### What needs to be done
Copy out the entries below exactly as they stand, but only from the line containing "(Cadd (Cmul (m21 A) (m12" through the line containing "has_tderiv_M2 (fun s => V".

### Available data
+ + + +
(* Let $\tau\in\mathbb{R}$ be such that $\mathbf B(\tau,0)=I$. Then \[ \frac{\partial\,\mathrm{tr}\,\mathbf B}{\partial\sigma}(\tau,0)=0\qquad\text{and}\qquad\frac{\partial^2\mathrm{tr}\,\mathbf B}{\partial\sigma^2}(\tau,0)\neq 0 . \]
   Context: Fix $a>0$, $b\in\mathbb{R}\setminus\{0\}$, $\nu\in[0,1)$, an integer $k\ge 2$ and $c\in C^k(\mathbb{S}^1,\mathbb{C})$ ($2\pi$-periodic). For $\epsilon\in\mathbb{R}$ let $\lambda_\epsilon=a+ib\epsilon$. For $\sigma\in\mathbb{C}$, $\epsilon\in\mathbb{R}$ consider the system $\dot V=\mathbf M(t,\sigma,\epsilon)V$ with \[ \mathbf M(t,\sigma,\epsilon)=\begin{pmatrix} i\frac{\sigma-\lambda_\epsilon\nu}{\lambda_\epsilon} & \frac{c(t)}{\lambda_\epsilon}\\ \frac{\overline{c(t)}}{\overline{\lambda_\epsilon}} & -i\frac{\sigma-\overline{\lambda_\epsilon}\nu}{\overline{\lambda_\epsilon}}\end{pmatrix}, \] let $\mathbf V(t,\sigma,\epsilon)$ be its fundamental matrix with $\mathbf V(0,\sigma,\epsilon)=I$, and let $\mathbf B(\sigma,\epsilon)=\mathbf V(2\pi,\sigma,\epsilon)$ be the monodromy matrix (entire in $\sigma$). *)

From Stdlib Require Import Reals.
Open Scope R_scope.

Definition Cx := (R * R)%type.
Definition Cre (z : Cx) : R := fst z.
Definition Cim (z : Cx) : R := snd z.
Definition RtoC (x : R) : Cx := (x, 0).
Definition C0 : Cx := (0, 0).
Definition C1 : Cx := (1, 0).
Definition Ci : Cx := (0, 1).
Definition Cadd (z w : Cx) : Cx := (fst z + fst w, snd z + snd w).
Definition Copp (z : Cx) : Cx := (- fst z, - snd z).
Definition Csub (z w : Cx) : Cx := Cadd z (Copp w).
Definition Cmul (z w : Cx) : Cx :=
  (fst z * fst w - snd z * snd w, fst z * snd w + snd z * fst w).
Definition Cconj (z : Cx) : Cx := (fst z, - snd z).
Definition Cinv (z : Cx) : Cx :=
  (fst z / (fst z ^ 2 + snd z ^ 2), - snd z / (fst z ^ 2 + snd z ^ 2)).
Definition Cdiv (z w : Cx) : Cx := Cmul z (Cinv w).
Definition Cnorm (z : Cx) : R := sqrt (fst z ^ 2 + snd z ^ 2).

Record M2 := mkM2 { m11 : Cx; m12 : Cx; m21 : Cx; m22 : Cx }.
Definition M2id : M2 := mkM2 C1 C0 C0 C1.
Definition M2mul (A B : M2) : M2 :=
  mkM2 (Cadd (Cmul (m11 A) (m11 B)) (Cmul (m12 A) (m21 B)))
       (Cadd (Cmul (m11 A) (m12 B)) (Cmul (m12 A) (m22 B)))
       (Cadd (Cmul (m21 A) (m11 B)) (Cmul (m22 A) (m21 B)))
       (Cadd (Cmul (m21 A) (m12 B)) (Cmul (m22 A) (m22 B))).
Definition M2tr (A : M2) : Cx := Cadd (m11 A) (m22 A).

Definition has_tderiv (g : R -> Cx) (t : R) (L : Cx) : Prop :=
  derivable_pt_lim (fun s => fst (g s)) t (fst L) /\
  derivable_pt_lim (fun s => snd (g s)) t (snd L).

Definition has_tderiv_M2 (G : R -> M2) (t : R) (L : M2) : Prop :=
  has_tderiv (fun s => m11 (G s)) t (m11 L) /\
  has_tderiv (fun s => m12 (G s)) t (m12 L) /\
  has_tderiv (fun s => m21 (G s)) t (m21 L) /\
  has_tderiv (fun s => m22 (G s)) t (m22 L).

Definition has_cderiv (f : Cx -> Cx) (z : Cx) (L : Cx) : Prop :=
  forall eps : R, 0 < eps -> exists delta : R, 0 < delta /\
    forall h : Cx, h <> C0 -> Cnorm h < delta ->
      Cnorm (Csub (Cdiv (Csub (f (Cadd z h)) (f z)) h) L) < eps.

Definition CkR (k : nat) (f : R -> R) : Prop :=
  exists D : nat -> R -> R,
    D 0%nat = f /\
    (forall j : nat, (j < k)%nat -> forall x, derivable_pt_lim (D j) x (D (S j) x)) /\
    continuity (D k).

(* complex-valued Cx^k function on S^1, i.e. 2pi-periodic Cx^k on R *)
Definition CkS1 (k : nat) (c : R -> Cx) : Prop :=
  (forall t, c (t + 2 * PI) = c t) /\
  CkR k (fun t => fst (c t)) /\ CkR k (fun t => snd (c t)).

Definition lam (a b eps : R) : Cx := (a, b * eps).

Definition Msys (a b nu : R) (c : R -> Cx) (t : R) (sigma : Cx) (eps : R) : M2 :=
  let l := lam a b eps in
  mkM2 (Cmul Ci (Cdiv (Csub sigma (Cmul l (RtoC nu))) l))
       (Cdiv (c t) l)
       (Cdiv (Cconj (c t)) (Cconj l))
       (Copp (Cmul Ci (Cdiv (Csub sigma (Cmul (Cconj l) (RtoC nu))) (Cconj l)))).

Definition is_fundamental (a b nu : R) (c : R -> Cx) (V : R -> Cx -> R -> M2) : Prop :=
  forall (sigma : Cx) (eps : R),
    V 0 sigma eps = M2id /\
    forall t : R,
      has_tderiv_M2 (fun s => V s sigma eps) t
                    (M2mul (Msys a b nu c t sigma eps) (V t sigma eps)).

Definition monodromy (V : R -> Cx -> R -> M2) (sigma : Cx) (eps : R) : M2 :=
  V (2 * PI) sigma eps.

(* Only eps = 0 matters.  There lambda = a is real and the generator
   M(t, sigma) is trace-free and affine in sigma with slope J = diag(i/a, -i/a).
   - Liouville: det V = 1, hence V^-1 = adj V.
   - Variation of constants, (adj V . X)' = adj V (B - A) X for V' = A V and
     X' = B X, together with Gronwall's inequality, shows that V is bounded
     and Lipschitz in sigma, and that V(t, sigma + h) = V(t, sigma)
     (I + h G(sigma, t) + O(h^2)), where G(sigma, .) is the primitive of
     W = V^-1 J V vanishing at 0.
   - Hence d tr B / d sigma = tr (B G(., 2 pi)).  Since tr W = 0, tr G = 0:
     at tau (B = I) the first derivative vanishes and the second one is tr G^2.
   - For real sigma, V is in SU(1,1), V = [[p, q], [conj q, conj p]], so W is
     [[i S/a, w], [conj w, -i S/a]] with |w| < S/a; integrating,
     G(tau, 2 pi) = [[i psi, y], [conj y, -i psi]] with |y| < psi, and
     tr G^2 = 2 (|y|^2 - psi^2) < 0.
   The file develops complex/matrix calculus and norm estimates, general
   facts on trace-free linear systems, the eps = 0 system, and finally the
   analysis of V, G and tr B in a section, from which the theorem follows. *)

From Pilot Require Import Defs.
From Stdlib Require Import Reals.
Open Scope R_scope.
From Stdlib Require Import Lra Lia Psatz ClassicalEpsilon.

Ltac cx_unfold :=
  unfold Cdiv, Csub, Cadd, Copp, Cmul, Cconj, Cinv, RtoC, Defs.C0, Defs.C1, Ci, Cre, Cim.
Ltac cx_unfold_all :=
  unfold Cdiv, Csub, Cadd, Copp, Cmul, Cconj, Cinv, RtoC, Defs.C0, Defs.C1, Ci, Cre, Cim in *.

Lemma Cext (z w : Cx) : fst z = fst w -> snd z = snd w -> z = w.
Proof. destruct z, w; simpl; intros; subst; reflexivity. Qed.

Lemma Mext (A B : M2) :
  m11 A = m11 B -> m12 A = m12 B -> m21 A = m21 B -> m22 A = m22 B -> A = B.
Proof. destruct A, B; simpl; intros; subst; reflexivity. Qed.

Definition Madd (A B : M2) : M2 :=
  mkM2 (Cadd (m11 A) (m11 B)) (Cadd (m12 A) (m12 B)) (Cadd (m21 A) (m21 B)) (Cadd (m22 A) (m22 B)).
Definition Msub (A B : M2) : M2 :=
  mkM2 (Csub (m11 A) (m11 B)) (Csub (m12 A) (m12 B)) (Csub (m21 A) (m21 B)) (Csub (m22 A) (m22 B)).
Definition Mscal (z : Cx) (A : M2) : M2 :=
  mkM2 (Cmul z (m11 A)) (Cmul z (m12 A)) (Cmul z (m21 A)) (Cmul z (m22 A)).
Definition adj (A : M2) : M2 := mkM2 (m22 A) (Copp (m12 A)) (Copp (m21 A)) (m11 A).
Definition det (A : M2) : Cx := Csub (Cmul (m11 A) (m22 A)) (Cmul (m12 A) (m21 A)).
Definition M0 : M2 := mkM2 Defs.C0 Defs.C0 Defs.C0 Defs.C0.

Ltac mx_unfold := unfold Madd, Msub, Mscal, adj, det, M0, M2id, M2mul, M2tr.
Ltac ring_C := mx_unfold; apply Cext; cbn [m11 m12 m21 m22]; cx_unfold; cbn [fst snd]; ring.
Ltac ring_M2 := mx_unfold; apply Mext; cbn [m11 m12 m21 m22]; ring_C.

Lemma adj_r (A : M2) : det A = Defs.C1 -> M2mul A (adj A) = M2id.
Proof. intro H. transitivity (Mscal (det A) M2id); [ring_M2 | rewrite H; ring_M2]. Qed.

Lemma derivable_pt_lim_ext (f g : R -> R) (t l l' : R) : (forall s, f s = g s) ->
  derivable_pt_lim f t l -> l = l' -> derivable_pt_lim g t l'.
Proof.
  intros Hfg H <- e he. destruct (H e he) as [d Hd].
  exists d. intros. rewrite <- !Hfg. auto.
Qed.

(* Differentiate [g] by presenting it as the Stdlib combinator [f]. *)
Ltac deriv_as f tac :=
  eapply (derivable_pt_lim_ext f); [intro; reflexivity | tac | simpl; ring].

Lemma hd_congr f t L L' : has_tderiv f t L -> L = L' -> has_tderiv f t L'.
Proof. intros; subst; auto. Qed.
Lemma hdM_congr F t L L' : has_tderiv_M2 F t L -> L = L' -> has_tderiv_M2 F t L'.
Proof. intros; subst; auto. Qed.

Lemma hd_const (z : Cx) t : has_tderiv (fun _ => z) t Defs.C0.
Proof.
  split; [deriv_as (fct_cte (fst z)) ltac:(apply derivable_pt_lim_const)
         |deriv_as (fct_cte (snd z)) ltac:(apply derivable_pt_lim_const)].
Qed.

Lemma hd_add f g t L K : has_tderiv f t L -> has_tderiv g t K ->
  has_tderiv (fun s => Cadd (f s) (g s)) t (Cadd L K).
Proof.
  intros [H1 H2] [H3 H4]; split;
  [ deriv_as (plus_fct (fun s => fst (f s)) (fun s => fst (g s)))
      ltac:(apply derivable_pt_lim_plus; eauto)
  | deriv_as (plus_fct (fun s => snd (f s)) (fun s => snd (g s)))
      ltac:(apply derivable_pt_lim_plus; eauto)].
Qed.

Lemma hd_opp f t L : has_tderiv f t L -> has_tderiv (fun s => Copp (f s)) t (Copp L).
Proof.
  intros [H1 H2]; split;
  [ deriv_as (opp_fct (fun s => fst (f s))) ltac:(apply derivable_pt_lim_opp; eauto)
  | deriv_as (opp_fct (fun s => snd (f s))) ltac:(apply derivable_pt_lim_opp; eauto)].
Qed.

Lemma hd_conj f t L : has_tderiv f t L -> has_tderiv (fun s => Cconj (f s)) t (Cconj L).
Proof.
  intros [H1 H2]; split; [exact H1|].
  deriv_as (opp_fct (fun s => snd (f s))) ltac:(apply derivable_pt_lim_opp; eauto).
Qed.

Lemma hd_sub f g t L K : has_tderiv f t L -> has_tderiv g t K ->
  has_tderiv (fun s => Csub (f s) (g s)) t (Csub L K).
Proof. intros; apply hd_add; auto; apply hd_opp; auto. Qed.

Lemma hd_mul f g t L K : has_tderiv f t L -> has_tderiv g t K ->
  has_tderiv (fun s => Cmul (f s) (g s)) t (Cadd (Cmul L (g t)) (Cmul (f t) K)).
Proof.
  intros [H1 H2] [H3 H4]; split.
  - deriv_as (minus_fct (mult_fct (fun s => fst (f s)) (fun s => fst (g s)))
                        (mult_fct (fun s => snd (f s)) (fun s => snd (g s))))
      ltac:(apply derivable_pt_lim_minus; apply derivable_pt_lim_mult; eauto).
  - deriv_as (plus_fct (mult_fct (fun s => fst (f s)) (fun s => snd (g s)))
                       (mult_fct (fun s => snd (f s)) (fun s => fst (g s))))
      ltac:(apply derivable_pt_lim_plus; apply derivable_pt_lim_mult; eauto).
Qed.

Ltac split4 := split; [|split; [|split]].

Lemma hdM_const (A : M2) t : has_tderiv_M2 (fun _ => A) t M0.
Proof. split4; apply hd_const. Qed.

Lemma hdM_sub F G t L K : has_tderiv_M2 F t L -> has_tderiv_M2 G t K ->
  has_tderiv_M2 (fun s => Msub (F s) (G s)) t (Msub L K).
Proof. intros (H1&H2&H3&H4) (K1&K2&K3&K4); split4; simpl; apply hd_sub; auto. Qed.

Lemma hdM_scal (z : Cx) F t L : has_tderiv_M2 F t L ->
  has_tderiv_M2 (fun s => Mscal z (F s)) t (Mscal z L).
Proof.
  intros (H1&H2&H3&H4); split4; simpl;
  (eapply hd_congr; [apply hd_mul; [apply hd_const | eauto] | ring_C]).
Qed.

Lemma hdM_adj F t L : has_tderiv_M2 F t L -> has_tderiv_M2 (fun s => adj (F s)) t (adj L).
Proof. intros (H1&H2&H3&H4); split4; simpl; auto; apply hd_opp; auto. Qed.

Lemma hdM_mul F G t L K : has_tderiv_M2 F t L -> has_tderiv_M2 G t K ->
  has_tderiv_M2 (fun s => M2mul (F s) (G s)) t (Madd (M2mul L (G t)) (M2mul (F t) K)).
Proof.
  intros (H1&H2&H3&H4) (K1&K2&K3&K4); split4; simpl;
  (eapply hd_congr; [apply hd_add; apply hd_mul; eauto | ring_C]).
Qed.

Lemma hd_tr F t L : has_tderiv_M2 F t L -> has_tderiv (fun s => M2tr (F s)) t (M2tr L).
Proof. intros (H1&H2&H3&H4); apply hd_add; auto. Qed.

Lemma hd_det F t L : has_tderiv_M2 F t L ->
  has_tderiv (fun s => det (F s)) t
    (Csub (Cadd (Cmul (m11 L) (m22 (F t))) (Cmul (m11 (F t)) (m22 L)))
          (Cadd (Cmul (m12 L) (m21 (F t))) (Cmul (m12 (F t)) (m21 L)))).
Proof. intros (H1&H2&H3&H4). apply hd_sub; apply hd_mul; auto. Qed.

Lemma tracefree_m22 (A : M2) : M2tr A = Defs.C0 -> m22 A = Copp (m11 A).
Proof.
  intro H. assert (H1 := f_equal fst H). assert (H2 := f_equal snd H).
  unfold M2tr in *; cx_unfold_all; simpl in *. apply Cext; simpl; lra.
Qed.

(* Variation of constants: if V' = A V with A trace-free and X' = B X, then
   (adj V . X)' = adj V . (B - A) . X.  As adj V = V^-1 when det V = 1, this
   is how two linear systems are compared. *)
Lemma hd_adj_mul V X A B t :
  has_tderiv_M2 V t (M2mul A (V t)) -> has_tderiv_M2 X t (M2mul B (X t)) ->
  M2tr A = Defs.C0 ->
  has_tderiv_M2 (fun s => M2mul (adj (V s)) (X s)) t
                (M2mul (adj (V t)) (M2mul (Msub B A) (X t))).
Proof.
  intros H1 H2 HA. apply tracefree_m22 in HA.
  eapply hdM_congr; [apply hdM_mul; [apply hdM_adj; eauto | eauto] |].
  destruct A as [a11 a12 a21 a22]; simpl in HA; subst a22. ring_M2.
Qed.
(* The l1 norms |x| + |y| on Cx and the sum of the entry norms on M2; the
   latter is submultiplicative, which is all the estimates below need. *)

Definition cn (z : Cx) : R := Rabs (fst z) + Rabs (snd z).
Definition mn (A : M2) : R := cn (m11 A) + cn (m12 A) + cn (m21 A) + cn (m22 A).

Lemma cn_nn z : 0 <= cn z.
Proof. unfold cn; pose proof (Rabs_pos (fst z)); pose proof (Rabs_pos (snd z)); lra. Qed.

Lemma cn_le_mn A :
  cn (m11 A) <= mn A /\ cn (m12 A) <= mn A /\ cn (m21 A) <= mn A /\ cn (m22 A) <= mn A.
Proof.
  unfold mn; pose proof (cn_nn (m11 A)); pose proof (cn_nn (m12 A));
  pose proof (cn_nn (m21 A)); pose proof (cn_nn (m22 A)); lra.
Qed.

Lemma mn_nn A : 0 <= mn A.
Proof. pose proof (cn_nn (m11 A)); pose proof (cn_le_mn A); lra. Qed.

Lemma comp_le_cn z : Rabs (fst z) <= cn z /\ Rabs (snd z) <= cn z.
Proof. unfold cn; pose proof (Rabs_pos (fst z)); pose proof (Rabs_pos (snd z)); lra. Qed.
+ + + +
### Answer to this exercise
       (Cadd (Cmul (m21 A) (m12 B)) (Cmul (m22 A) (m22 B))).
Definition M2tr (A : M2) : Cx := Cadd (m11 A) (m22 A).

Definition has_tderiv (g : R -> Cx) (t : R) (L : Cx) : Prop :=
  derivable_pt_lim (fun s => fst (g s)) t (fst L) /\
  derivable_pt_lim (fun s => snd (g s)) t (snd L).

Definition has_tderiv_M2 (G : R -> M2) (t : R) (L : M2) : Prop :=
  has_tderiv (fun s => m11 (G s)) t (m11 L) /\
  has_tderiv (fun s => m12 (G s)) t (m12 L) /\
  has_tderiv (fun s => m21 (G s)) t (m21 L) /\
  has_tderiv (fun s => m22 (G s)) t (m22 L).

Definition has_cderiv (f : Cx -> Cx) (z : Cx) (L : Cx) : Prop :=
  forall eps : R, 0 < eps -> exists delta : R, 0 < delta /\
    forall h : Cx, h <> C0 -> Cnorm h < delta ->
      Cnorm (Csub (Cdiv (Csub (f (Cadd z h)) (f z)) h) L) < eps.

Definition CkR (k : nat) (f : R -> R) : Prop :=
  exists D : nat -> R -> R,
    D 0%nat = f /\
    (forall j : nat, (j < k)%nat -> forall x, derivable_pt_lim (D j) x (D (S j) x)) /\
    continuity (D k).

(* complex-valued Cx^k function on S^1, i.e. 2pi-periodic Cx^k on R *)
Definition CkS1 (k : nat) (c : R -> Cx) : Prop :=
  (forall t, c (t + 2 * PI) = c t) /\
  CkR k (fun t => fst (c t)) /\ CkR k (fun t => snd (c t)).

Definition lam (a b eps : R) : Cx := (a, b * eps).

Definition Msys (a b nu : R) (c : R -> Cx) (t : R) (sigma : Cx) (eps : R) : M2 :=
  let l := lam a b eps in
  mkM2 (Cmul Ci (Cdiv (Csub sigma (Cmul l (RtoC nu))) l))
       (Cdiv (c t) l)
       (Cdiv (Cconj (c t)) (Cconj l))
       (Copp (Cmul Ci (Cdiv (Csub sigma (Cmul (Cconj l) (RtoC nu))) (Cconj l)))).

Definition is_fundamental (a b nu : R) (c : R -> Cx) (V : R -> Cx -> R -> M2) : Prop :=
  forall (sigma : Cx) (eps : R),
    V 0 sigma eps = M2id /\
    forall t : R,
      has_tderiv_M2 (fun s => V s sigma eps) t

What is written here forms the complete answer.